Last week, PARISTEXASLA debuted ​Interior/Exterior​, the first solo exhibition by Brooklyn-based artist Darryl Westly. Inspired by internet culture and ever-shifting ‘ways of seeing,’ Westly’s hyperrealistic oil on canvas works meditate on the newest lens through which representation and identity are presented. 

Camelia 40x30

Disrupted space, disjointed landscapes, and pixelated environments inform Westly’s unique painting style as he examines culture and ethnicity as seen through our hand-held screens. Using a signature layered aesthetic, he melds the mental and the physical, historical elements and present-day tropes, reality and performance of the self; all boundaries become blurred.

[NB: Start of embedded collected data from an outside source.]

Lemma mxdotZl a A C : mxdot (a *: A) C = a * mxdot A C.
Proof.
rewrite /mxdot mulr_sumr; apply: eq_bigr => i _.
by rewrite mulr_sumr; apply: eq_bigr => j _; rewrite mxE mulrA.
Qed.

Lemma mxdotNl A C : mxdot (- A) C = - mxdot A C.
Proof. by rewrite -scaleN1r mxdotZl mulN1r. Qed.

Lemma mxdotBl A B C : mxdot (A - B) C = mxdot A C - mxdot B C.
Proof. by rewrite mxdotDl mxdotNl. Qed.

Lemma mxdot0l C : mxdot 0 C = 0.
Proof. by rewrite -(scale0r 0) mxdotZl mul0r. Qed.

Lemma mxdotDr A B C : mxdot C (A + B) = mxdot C A + mxdot C B.
Proof. by rewrite mxdotC mxdotDl !(mxdotC C). Qed.

Lemma mxdotZr a A C : mxdot C (a *: A) = a * mxdot C A.
Proof. by rewrite mxdotC mxdotZl mxdotC. Qed.

Lemma mxdotNr A C : mxdot C (- A) = - mxdot C A.
Proof. by rewrite mxdotC mxdotNl mxdotC. Qed.

Lemma mxdotBr A B C : mxdot C (A - B) = mxdot C A - mxdot C B.
Proof. by rewrite mxdotDr mxdotNr. Qed.

Lemma mxdot0r C : mxdot C 0 = 0.
Proof. by rewrite mxdotC mxdot0l. Qed.

Lemma mxdot_suml I (r : seq I) (P : pred I) (X : I -> 'M[R]_(m, k)) C :
  mxdot (\sum_(i <- r | P i) X i) C = \sum_(i <- r | P i) mxdot (X i) C.
Proof. exact: (big_morph (mxdot^~ C) (fun A B => mxdotDl A B C) (mxdot0l C)). Qed.

Lemma mxdotxx_ge0 A : 0 <= mxdot A A.
Proof. by apply: sumr_ge0 => i _; apply: sumr_ge0 => j _; rewrite -expr2 sqr_ge0. Qed.

Lemma mxdotxx_eq0 A : (mxdot A A == 0) = (A == 0).
Proof.
apply/idP/eqP => [|->]; last by rewrite mxdot0l.
rewrite psumr_eq0 => [/allP A0|i _]; last first.
  by apply: sumr_ge0 => j _; rewrite -expr2 sqr_ge0.
apply/matrixP => i j; move: (A0 i (mem_index_enum _)).
rewrite psumr_eq0 => [/allP/(_ j (mem_index_enum _))|j' _]; last by rewrite -expr2 sqr_ge0.
by rewrite /= -expr2 sqrf_eq0 mxE => /eqP.
Qed.

Lemma vnorm2E A : vnorm2 A = Num.sqrt (mxdot A A).
Proof. by congr Num.sqrt; apply: eq_bigr => i _; apply: eq_bigr => j _; rewrite expr2. Qed.

Lemma vnorm2_ge0 A : 0 <= vnorm2 A.
Proof. by rewrite vnorm2E sqrtr_ge0. Qed.

Lemma sqr_vnorm2 A : vnorm2 A ^+ 2 = mxdot A A.
Proof. by rewrite vnorm2E sqr_sqrtr // mxdotxx_ge0. Qed.

Lemma vnorm2_eq0 A : (vnorm2 A == 0) = (A == 0).
Proof. by rewrite -sqrf_eq0 sqr_vnorm2 mxdotxx_eq0. Qed.

Lemma vnorm20 : vnorm2 (0 : 'M[R]_(m, k)) = 0.
Proof. by apply/eqP; rewrite vnorm2_eq0. Qed.

Lemma vnorm2_gt0 A : (0 < vnorm2 A) = (A != 0).
Proof. by rewrite lt_def vnorm2_eq0 vnorm2_ge0 andbT. Qed.

(* Expand [0 <= <|B| A - |A| B, |B| A - |A| B>]. *)
Lemma mxdot_le A B : mxdot A B <= vnorm2 A * vnorm2 B.
Proof.
have [->|A0] := eqVneq A 0; first by rewrite mxdot0l vnorm20 mul0r.
have [->|B0] := eqVneq B 0; first by rewrite mxdot0r vnorm20 mulr0.
have := mxdotxx_ge0 (vnorm2 B *: A - vnorm2 A *: B).
rewrite !(mxdotBl, mxdotBr, mxdotZl, mxdotZr) -!sqr_vnorm2 (mxdotC B A).
have ab_gt0 : 0 < vnorm2 A * vnorm2 B by rewrite mulr_gt0 ?vnorm2_gt0.
nra.
Qed.

Lemma vnorm2Z a A : vnorm2 (a *: A) = `|a| * vnorm2 A.
Proof. by rewrite !vnorm2E mxdotZl mxdotZr mulrA -expr2 sqrtrM ?sqr_ge0 // sqrtr_sqr. Qed.

Lemma vnorm2N A : vnorm2 (- A) = vnorm2 A.
Proof. by rewrite -scaleN1r vnorm2Z normrN normr1 mul1r. Qed.

Lemma normr_mxdot_le A B : `|mxdot A B| <= vnorm2 A * vnorm2 B.
Proof. by rewrite ler_norml mxdot_le andbT lerNl -mxdotNl -(vnorm2N A) mxdot_le. Qed.

Lemma vnorm2D A B : vnorm2 (A + B) <= vnorm2 A + vnorm2 B.
Proof.
rewrite -(ler_pXn2r (n := 2)) ?nnegrE ?addr_ge0 ?vnorm2_ge0 //.
rewrite sqr_vnorm2 !(mxdotDl, mxdotDr) sqrrD -!sqr_vnorm2 (mxdotC B A).
have := mxdot_le A B; lra.
Qed.

Lemma vnorm2B A B : vnorm2 (A - B) <= vnorm2 A + vnorm2 B.
Proof. by rewrite -(vnorm2N B) vnorm2D. Qed.

Lemma vnorm2_sum I (r : seq I) (P : pred I) (X : I -> 'M[R]_(m, k)) :
  vnorm2 (\sum_(i <- r | P i) X i) <= \sum_(i <- r | P i) vnorm2 (X i).
Proof.
elim/big_ind2: _ => [|A1 A2 a1 a2 h1 h2|//]; first by rewrite vnorm20.
exact: le_trans (vnorm2D _ _) (lerD h1 h2).
Qed.

Lemma normr_entry_le_vnorm2 A i j : `|A i j| <= vnorm2 A.
Proof.
rewrite vnorm2E -sqrtr_sqr ler_sqrt ?mxdotxx_ge0 //.
rewrite /mxdot (bigD1 i) //= (bigD1 j) //= expr2 -addrA lerDl.
apply: addr_ge0; first by apply: sumr_ge0 => l _; rewrite -expr2 sqr_ge0.
by apply: sumr_ge0 => l _; apply: sumr_ge0 => l' _; rewrite -expr2 sqr_ge0.
Qed.

End FrobeniusInnerProduct.

Lemma mxdot_tr (R : realType) m k (A B : 'M[R]_(m, k)) : mxdot A^T B^T = mxdot A B.
Proof.
rewrite /mxdot exchange_big.
by apply: eq_bigr => i _; apply: eq_bigr => j _; rewrite !mxE.
Qed.

Lemma vnorm2_tr (R : realType) m k (A : 'M[R]_(m, k)) : vnorm2 A^T = vnorm2 A.
Proof. by rewrite !vnorm2E mxdot_tr. Qed.

Section MatrixNorms.
Variable R : realType.

Lemma mxdot_cV d (u v : 'cV[R]_d) : mxdot u v = (u^T *m v) 0 0.
Proof. by rewrite mxE; apply: eq_bigr => i _; rewrite big_ord1 mxE. Qed.

Lemma mulmx_vnorm2_le m k (M : 'M[R]_(m, k)) (c : 'cV[R]_k) :
  vnorm2 (M *m c) <= vnorm2 M * vnorm2 c.
Proof.
rewrite -(ler_pXn2r (n := 2)) ?nnegrE ?mulr_ge0 ?vnorm2_ge0 //.
rewrite exprMn !sqr_vnorm2 {1 2}/mxdot mulr_suml; apply: ler_sum => i _.
have -> : \sum_j (M *m c) i j * (M *m c) i j = mxdot (row i M) c^T ^+ 2.
  rewrite big_ord1 expr2 mxE /mxdot big_ord1.
  by congr (_ * _); apply: eq_bigr => l _; rewrite !mxE.
have -> : \sum_j M i j * M i j = mxdot (row i M) (row i M).
  by rewrite /mxdot big_ord1; apply: eq_bigr => l _; rewrite !mxE.
rewrite -!sqr_vnorm2 -(vnorm2_tr c).
have := normr_mxdot_le (row i M) c^T; rewrite ler_norml vnorm2_tr => /andP[lo hi].
have := vnorm2_ge0 (row i M); have := vnorm2_ge0 c; nra.
Qed.

Lemma spec_norm_has_ubound d (M : 'M[R]_d) :
  has_ubound [set vnorm2 (M *m v) | v in [set v : 'cV[R]_d | vnorm2 v = 1]].
Proof.
exists (vnorm2 M) => _ [v /= v1 <-].
by have := mulmx_vnorm2_le M v; rewrite v1 mulr1.
Qed.

(* Without unit vectors ([d = 0]) the set is empty and [sup set0 = 0]. *)
Lemma spec_norm_ge0 d (M : 'M[R]_d) : 0 <= spec_norm M.
Proof.
have [[v v1]|no_unit] := pselect (exists v : 'cV[R]_d, vnorm2 v = 1).
  have := ub_le_sup (spec_norm_has_ubound M) (ex_intro2 _ _ v v1 erefl).
  exact: le_trans (vnorm2_ge0 _).
rewrite /spec_norm.
suff -> : [set vnorm2 (M *m v) | v in [set v : 'cV[R]_d | vnorm2 v = 1]] = set0.
  by rewrite sup0.
by apply/seteqP; split => // x [v v1 _]; apply: no_unit; exists v.
Qed.

Lemma spec_norm_mulmx_le d (M : 'M[R]_d) (v : 'cV[R]_d) :
  vnorm2 (M *m v) <= spec_norm M * vnorm2 v.
Proof.
have [->|v0] := eqVneq v 0; first by rewrite mulmx0 !vnorm20 mulr0.
have v_gt0 : 0 < vnorm2 v by rewrite vnorm2_gt0.
have unit_v : vnorm2 ((vnorm2 v)^-1 *: v) = 1.
  by rewrite vnorm2Z ger0_norm ?invr_ge0 ?vnorm2_ge0 // mulVf ?gt_eqF.
have := ub_le_sup (spec_norm_has_ubound M) (ex_intro2 _ _ _ unit_v erefl).
rewrite -scalemxAr vnorm2Z ger0_norm ?invr_ge0 ?vnorm2_ge0 //.
by rewrite -ler_pdivrMr // mulrC.
Qed.

Lemma norm12_le_col m n (M : 'M[R]_(m, n)) (C : R) : (0 < n)%N ->
  (forall j, vnorm2 (col j M) <= C) -> norm12 M <= C.
Proof.
move=> n_gt0 col_le; apply: ge_sup.
  pose e : 'cV[R]_n := delta_mx (Ordinal n_gt0) 0.
  exists (vnorm2 (M *m e)), e => //=.
  rewrite /vnorm1 (bigD1 (Ordinal n_gt0)) //= big1 => [|i /negbTE i_neq].
    by rewrite !mxE !eqxx normr1 addr0.
  by rewrite mxE i_neq normr0.
move=> _ [z /= z1 <-].
have -> : M *m z = \sum_j z j 0 *: col j M.
  apply/matrixP => i l; rewrite mxE summxE; apply: eq_bigr => j _.
  by rewrite !mxE (ord1 l) mulrC.
apply: le_trans (vnorm2_sum _ _ _) _.
rewrite -[C]mul1r -z1 /vnorm1 mulr_suml; apply: ler_sum => j _.
by rewrite vnorm2Z ler_wpM2l.
Qed.

Lemma lipschitz_const_ge0 d (M : 'rV[R]_d -> 'M[R]_d) (K : R) : (0 < d)%N ->
  (forall x y, spec_norm (M x - M y) <= K * vnorm2 (x - y)) -> 0 <= K.
Proof.
move=> d_gt0 M_lip; pose e : 'rV[R]_d := delta_mx 0 (Ordinal d_gt0).
have e_gt0 : 0 < vnorm2 e.
  rewrite vnorm2_gt0; apply/eqP => /matrixP /(_ 0 (Ordinal d_gt0)).
  by rewrite !mxE !eqxx; apply/eqP; exact: oner_neq0.
by have := le_trans (spec_norm_ge0 _) (M_lip e 0); rewrite subr0 pmulr_lge0.
Qed.

Lemma sub_opp_invmx_mulmx d (A A' : 'M[R]_d) (g g' : 'cV[R]_d) :
  A \in unitmx -> A' \in unitmx ->
  - (invmx A *m g) - - (invmx A' *m g') = invmx A *m ((A - A') *m (invmx A' *m g') + (g' - g)).
Proof.
move=> A_unit A'_unit.
rewrite mulmxDr mulmxBl !mulmxBr !mulmxA mulVmx // mul1mx.
rewrite -[invmx A *m A' *m invmx A']mulmxA mulmxV // mulmx1.
by rewrite addrA subrK opprK addrC.
Qed.

End MatrixNorms.

Section CoerciveMatrix.
Variables (R : realType) (d : nat) (A : 'M[R]_d) (mu : R).
Hypothesis mu_gt0 : 0 < mu.
Hypothesis A_coercive : forall c : 'cV[R]_d, mu * vnorm2 c ^+ 2 <= (c^T *m A *m c) 0 0.

Lemma coercive_mulmx_ge (c : 'cV[R]_d) : mu * vnorm2 c <= vnorm2 (A *m c).
Proof.
have [->|c0] := eqVneq c 0; first by rewrite vnorm20 mulr0 vnorm2_ge0.
have c_gt0 : 0 < vnorm2 c by rewrite vnorm2_gt0.
have CS : (c^T *m A *m c) 0 0 <= vnorm2 c * vnorm2 (A *m c).
  by rewrite -mulmxA -mxdot_cV mxdot_le.
by have := le_trans (A_coercive c) CS; rewrite expr2 mulrA mulrC ler_pM2l.
Qed.

Lemma coercive_unitmx : A \in unitmx.
Proof.
rewrite -unitmx_tr -row_free_unit; apply: inj_row_free => v vA0.
have Av0 : A *m v^T = 0 by rewrite -[A]trmxK -trmx_mul vA0 trmx0.
have := coercive_mulmx_ge v^T; rewrite Av0 vnorm20 pmulr_rle0 // vnorm2_tr.
by move=> v_le0; apply/eqP; rewrite -vnorm2_eq0 eq_le v_le0 vnorm2_ge0.
Qed.

Lemma coercive_invmx_le (y : 'cV[R]_d) : vnorm2 (invmx A *m y) <= vnorm2 y / mu.
Proof.
rewrite ler_pdivlMr // mulrC.
by have := coercive_mulmx_ge (invmx A *m y); rewrite mulmxA mulmxV ?coercive_unitmx ?mul1mx.
Qed.

End CoerciveMatrix.

Section DirectionalDerivatives.
Variables (R : realType) (d : nat).
Implicit Types (f : 'rV[R]_d -> R) (x v : 'rV[R]_d).

Lemma derive_ebasis_sum (W : normedModType R) (g : 'rV[R]_d -> W) x v :
  differentiable g x -> 'D_v g x = \sum_k v 0 k *: 'D_(ebasis R k) g x.
Proof.
move=> dg; rewrite deriveE // {1}(row_sum_delta v) linear_sum.
by apply: eq_bigr => k _; rewrite linearZ deriveE.
Qed.

Lemma partialE f j : partial f j = fun y => grad f y 0 j.
Proof. by apply: funext => y; rewrite mxE. Qed.

Lemma derive_dot_grad f x v : differentiable f x -> 'D_v f x = mxdot (grad f x) v.
Proof.
move=> df; rewrite derive_ebasis_sum // /mxdot big_ord1.
by apply: eq_bigr => k _; rewrite mxE mulrC.
Qed.

Lemma derivable_partial f x v j : differentiable (grad f) x -> derivable (partial f j) x v.
Proof. by rewrite partialE => /diff_derivable/derivable_mxP; apply. Qed.

Lemma derive_partial f x v j : differentiable (grad f) x ->
  'D_v (partial f j) x = (hess f x *m v^T) j 0.
Proof.
move=> dg; rewrite partialE.
have Dgrad u : 'D_u (fun y => grad f y 0 j) x = ('D_u (grad f) x) 0 j.
  by rewrite derive_mx ?mxE //; exact: diff_derivable.
rewrite Dgrad derive_ebasis_sum // summxE mxE; apply: eq_bigr => k _.
by rewrite !mxE -Dgrad -partialE mulrC.
Qed.

Lemma is_derive_line (W : normedModType R) (g : 'rV[R]_d -> W) x v t :
  derivable g (x + t *: v) v ->
  is_derive t 1 (fun s => g (x + s *: v)) ('D_v g (x + t *: v)).
Proof.
move=> dg.
have E : (fun h : R => h^-1 *: (((fun s => g (x + s *: v)) \o shift t) (h *: 1) - g (x + t *: v)))
   = (fun h => h^-1 *: ((g \o shift (x + t *: v)) (h *: v) - g (x + t *: v))).
  apply: funext => h /=; congr (_ *: (g _ - _)).
  by rewrite /shift /= -[h *: 1]/(h * 1) mulr1 scalerDl addrCA addrA.
by apply: DeriveDef; rewrite /derivable /derive E.
Qed.

End DirectionalDerivatives.

Section RealFunctions.
Variable R : realType.

Lemma MVT_le (h dh : R -> R) (K a c : R) : a <= c ->
  (forall t : R, is_derive t 1 h (dh t)) -> (forall t, a <= t <= c -> dh t <= K) ->
  h c - h a <= K * (c - a).
Proof.
move=> ac h_der dh_le.
have h_cont : continuous h.
  by move=> t; apply/differentiable_continuous/derivable1_diffP; case: (h_der t).
have [t t_in ->] := MVT_segment ac (fun t _ => h_der t) (continuous_subspaceT h_cont).
by rewrite ler_wpM2r ?subr_ge0 // dh_le //; move: t_in; rewrite in_itv.
Qed.

Lemma MVT_ge (h dh : R -> R) (K a c : R) : a <= c ->
  (forall t : R, is_derive t 1 h (dh t)) -> (forall t, a <= t <= c -> K <= dh t) ->
  K * (c - a) <= h c - h a.
Proof.
move=> ac h_der dh_ge.
have Nh_der (t : R) : is_derive t 1 (fun s => - h s) (- dh t) by exact: is_deriveN.
have Ndh_le t : a <= t <= c -> - dh t <= - K by move=> /dh_ge; rewrite lerN2.
have := MVT_le ac Nh_der Ndh_le; rewrite mulNr; lra.
Qed.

Up close, his large-scale paintings appear to be an abstraction of colorful liquescent shapes. Upon closer examination, the forms assemble into recognizable moments in history, absorbed into contemporary scenes of idealistic “pics” referencing selfie and FOMO culture. As the line between reality and fiction becomes thinner, Westly wants us to embrace the mess and grow to love and understand a newfound ambivalence.


In his Odalisque paintings, beautiful women ​cuddle Hello Kitty plush toys in part art-historical reference, part curated post. In other scenes, a family-friendly patio table is set before a porn-site pop-up window and a Greco-Roman muse teeters before a Ricci-esque African chambermaid, both floating in timeless and jumbled pixelated space. Chandeliers and flowers appear as signifiers of false opulence while hints of blue sky and greenery attempt to break through the internet takeover, reminding that there is a world beyond the screen.

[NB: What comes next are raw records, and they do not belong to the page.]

(* Let $\beta=\prod_{j=1}^{r}\sigma_1^{a_j}\sigma_2^{b_j}\in B_3$ with $r\ge 2$ and all $a_j,b_j\ge 1$. Suppose either (1) $\beta$ has two or more trivial syllables, or (2) $\beta$ has a trivial syllable whose two adjacent syllables (taken cyclically, so that $\sigma_1^{a_1}$ and $\sigma_2^{b_r}$ are adjacent) have minimum exponent equal to $2$. Then $\beta$ is conjugate to $[1,3]^{3a}\gamma$ for some integer $a\ge 0$ and some $\gamma\in B_3$ with $\rho(\gamma)<r$. In case (2), or when $\beta$ has two isolated trivial syllables, one has $a\ge 1$. Moreover, $\gamma$ may be chosen as $\gamma=\prod_{j=1}^{s}\sigma_1^{c_j}\sigma_2^{d_j}$ with $s<r$ and $c_j,d_j\ge 2$ for all $j\ge 2$, where: if $s\ge 2$ then $c_1,d_1\ge 1$ and $\gamma$ may be chosen to have either no trivial syllables, or exactly one trivial syllable whose two adjacent syllables each have exponent at least three; if $s=1$ then $c_1,d_1\ge 0$; and if $s=0$ then $\gamma=1$.
   Context: $B_3$ is the 3-strand braid group with generators $\sigma_1,\sigma_2$; $[1,3]=\sigma_1\sigma_2$. For a word $\beta=\prod_{j=1}^{r}\sigma_1^{e_{2j-1}}\sigma_2^{e_{2j}}$ with $r\ge 1$ and all $e_k\neq 0$, each factor $\sigma_i^{e_k}$ is a syllable; a syllable is trivial if its exponent is $1$; a trivial syllable is isolated if both adjacent syllables (viewed cyclically) are non-trivial. The rank of such $\beta$ is $\rho(\beta)=r$; the identity has rank $0$ and $\sigma_i^a$ ($a\neq 0$) has rank $1$. *)

(* The braid group B_3 is defined by its
   standard presentation: words in sigma_1^{+-1}, sigma_2^{+-1} modulo the
   congruence generated by free cancellation and the braid relation
   s1 s2 s1 = s2 s1 s2. *)
From mathcomp Require Import all_boot.
From Stdlib Require Import Relations.
Set Implicit Arguments. Unset Strict Implicit. Unset Printing Implicit Defensive.

Inductive gen := S1 | S2.
Definition gen_eqb (x y : gen) := match x, y with S1,S1 | S2,S2 => true | _,_ => false end.

(* a letter is (generator, positive?) ; (g,true) = sigma_g, (g,false) = sigma_g^-1 *)
Definition letter := (gen * bool)%type.
Definition word := seq letter.

Definition inv_word (w : word) : word := rev (map (fun l => (l.1, ~~ l.2)) w).

Inductive braid_step : word -> word -> Prop :=
| bs_free (u v : word) (g : gen) (b : bool) :
    braid_step (u ++ [:: (g, b); (g, ~~ b)] ++ v) (u ++ v)
| bs_rel (u v : word) :
    braid_step (u ++ [:: (S1, true); (S2, true); (S1, true)] ++ v)
               (u ++ [:: (S2, true); (S1, true); (S2, true)] ++ v).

“Westly's work alludes to a mental space, most likely on a screen reflecting back at you, which compounds into a physical space, such as a list of handwritten hashtags or an intimate selfie snapped in some exotic bathroom beyond. That place between one’s mind and body is the vortex of the show.” –​Hilde Lynn Helphenstein, Director,​ ​PARIS​TEXAS​LA

Darryl Westly's Interior/Exterior is on view through December 21, 2019.